2020, International Year of Plant Health
By Carlos Palomar, General Director of AEPLA.
On December 2, the Food and Agriculture Organization of the United Nations (FAO) officially presented 2020 as the International Year of Plant Health. Through this commemoration, it is intended to increase worldwide awareness of the importance of plant health protection as a basic and indispensable tool to help eradicate hunger, reduce poverty, protect the environment and boost development. economic.
At present, plants constitute 80% of the food we eat daily, in addition to generating 98% of the oxygen we breathe, which allows us to get an idea of its essential role not only for our well-being and quality of life, but also For our survival. However, despite their importance, they are constantly threatened, and increasingly frequent, by the appearance of numerous pests and diseases, on which it is necessary to act with all the means at our disposal.

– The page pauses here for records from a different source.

(* Let $i\ge 1$ be an integer and $k\ge 10i+35$. Let $H$ be a weighted graph with edge weight $\omega:E(H)\to\{3,4,5\}$ which contains no cycle of odd weight smaller than $2k+1$. Let $B_1,B_2$ be sets of vertices of $H$ with $d(B_1,B_2)\ge 2i+2$, and let $P$ be a path of minimal weight among all paths between $B_1$ and $B_2$. If $N^{3i+1}[B_1]$ and $N^{3i+1}[B_2]$ are weighted bipartite, then $N^i[B_1\cup B_2\cup P]$ is weighted bipartite.
   Context: The weight of a subgraph is the sum of the weights of its edges. $d(B_1,B_2)$ is the unweighted distance, i.e. the minimum number of edges of a path between a vertex of $B_1$ and a vertex of $B_2$. $N^j[S]$ is the set of vertices at unweighted distance at most $j$ from some vertex of $S$ (for a path, of its vertex set). A vertex set $S$ is weighted bipartite if $H[S]$ contains no cycle of odd weight. *)

From mathcomp Require Import all_boot.
Set Implicit Arguments. Unset Strict Implicit. Unset Printing Implicit Defensive.

Section Defs.
Variable T : finType.
Variable e : rel T.
Variable w : T -> T -> nat.       (* edge weight omega, read on adjacent pairs *)

Definition simple_graph : Prop := symmetric e /\ irreflexive e.

Definition weight_345 : Prop :=
  forall x y, e x y -> w x y = w y x /\ w x y \in [:: 3; 4; 5].

Definition is_path (x : T) (p : seq T) : Prop := path e x p /\ uniq (x :: p).

Definition path_weight (x : T) (p : seq T) : nat :=
  \sum_(pr <- zip (x :: p) p) w pr.1 pr.2.

Definition is_cycle (c : seq T) : Prop := 3 <= size c /\ uniq c /\ cycle e c.

Definition cycle_weight (c : seq T) : nat := \sum_(x <- c) w x (next c x).

(* cycle contained in the induced subgraph H[S] *)
Definition cycle_in (S : T -> Prop) (c : seq T) : Prop := forall x, x \in c -> S x.

Definition weighted_bipartite (S : T -> Prop) : Prop :=
  forall c, is_cycle c -> cycle_in S c -> ~~ odd (cycle_weight c).

(* N^j[S]: vertices at unweighted distance at most j from some vertex of S *)
Definition nbhd (j : nat) (S : T -> Prop) (v : T) : Prop :=
  exists s, S s /\ exists p, path e s p /\ last s p = v /\ size p <= j.

Definition dist_ge (B1 B2 : {set T}) (m : nat) : Prop :=
  forall x p, x \in B1 -> is_path x p -> last x p \in B2 -> m <= size p.

Definition min_weight_path (B1 B2 : {set T}) (x : T) (p : seq T) : Prop :=
  [/\ x \in B1, is_path x p, last x p \in B2 &
      forall y q, y \in B1 -> is_path y q -> last y q \in B2 ->
        path_weight x p <= path_weight y q].

End Defs.

(* A set of vertices is weighted bipartite exactly when it carries a parity potential
   phi, i.e. every walk inside it has weight of the parity of phi at its two ends.
   Such potentials exist on N^{3i+1}[B1] and N^{3i+1}[B2], and along P the parity of the
   prefix weight is one. Glued together they predict the parity of every walk with at
   most 2i+1 edges between two vertices of S = B1 u B2 u P. No such walk joins B1 to B2.
   A short walk between two vertices of P is at least as heavy as the subpath of P it
   bypasses, by minimality of P, so the two form a closed walk of weight at most 2k,
   which is even because an odd closed walk contains an odd cycle of no larger weight.
   A short walk from a vertex of P to B1 is at least as heavy as the part of P before
   that vertex, so this part has at most 4i+1 edges and the detour through it stays in
   N^{3i+1}[B1]; symmetrically for B2. Finally, a potential for short walks on S
   extends to N^i[S]: give each vertex the potential of an anchor in S at distance at
   most i plus the parity of the connecting walk; an edge then closes a walk of length
   at most 2i+1 between two anchors. *)

From mathcomp Require Import all_boot zify.
From Stdlib Require Import ClassicalEpsilon.

Set Implicit Arguments.
Unset Strict Implicit.
Unset Printing Implicit Defensive.

Lemma last_take_index (T : eqType) (x v : T) (s : seq T) :
  v \in x :: s -> last x (take (index v (x :: s)) s) = v.
Proof.
move=> vs; have le_vs : index v (x :: s) <= size s by rewrite -ltnS index_mem.
rewrite (last_nth x) size_takel // -[x :: _]/(take (index v (x :: s)).+1 (x :: s)).
by rewrite nth_take // nth_index.
Qed.

Lemma cat_common_prefix (T : Type) (A1 A2 C1 C2 : seq T) :
  A1 ++ A2 = C1 ++ C2 -> size A1 <= size C1 -> exists2 M, C1 = A1 ++ M & A2 = M ++ C2.
Proof.
elim: A1 C1 => [|a A1 IH] C1 /=; first by move=> ->; exists C1.
case: C1 => [|c C1] //= [-> /IH E] /E [M -> ->].
by exists M.
Qed.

Qu Dongyu, Director General of FAO, said in the presentation of this International Year of Plant Health that “plants are the fundamental basis for life on Earth and are the most important pillar of human nutrition. But having healthy plants is not something we can take for granted. ”
We must bear in mind that both climate change and our behavior as a species are affecting the ecosystems of the Planet, damaging their biodiversity and generating the favorable conditions for these pests and diseases to thrive at a faster rate. Likewise, the effects of globalization, and especially the improvement in the means for the development of travel and the growth of international trade, facilitate the spread of these threats in spaces far from their place of origin, which influences the impact of plant species that are not prepared for these new threats, causing greater damage to native plants, both for agricultural and wild crops.
Therefore, from FAO it is considered essential that, “as with human or animal health, prevention is better than cure in the phytosanitary field.” Indeed, plant health, like human health, begins with prevention, continues with surveillance and ends, if necessary, with healing. And this is where plant protection products play an important role. These solutions are to the plants what medicines to people, protect them from pests, diseases and weeds that threaten them, thus guaranteeing the profitability of farms and a sufficient supply of healthy, safe and affordable food for all the consumers.
The ignorance that exists about these products has generated an incompressible bad image of them, spreading the doubt about their safety. Nothing is further from reality. The safety of the food we consume and that have been protected with phytosanitary products is guaranteed in the first place, thanks to the important effort made by the companies that manufacture them in R&D (developing a new active substance requires an investment of between 250 and 300 million euros and about 11 years of research), secondly, for the strict evaluation controls that must be passed in order to be authorized, and finally, for the correct use that they make the farmers, applying them when strictly necessary, in its fair measure and following the indications of the product label and in the doses prescribed by the technical advisor.
From AEPLA we try to communicate and inform with transparency about the true reality of science applied to agriculture, because as Leonardo Da Vinci said decía the most useful science is that whose fruit is the most communicable ’. 2020 gives us the opportunity to discuss and provide light on Plant Health, which no less unknown is no longer necessary to ensure the food that comes to our tables every day.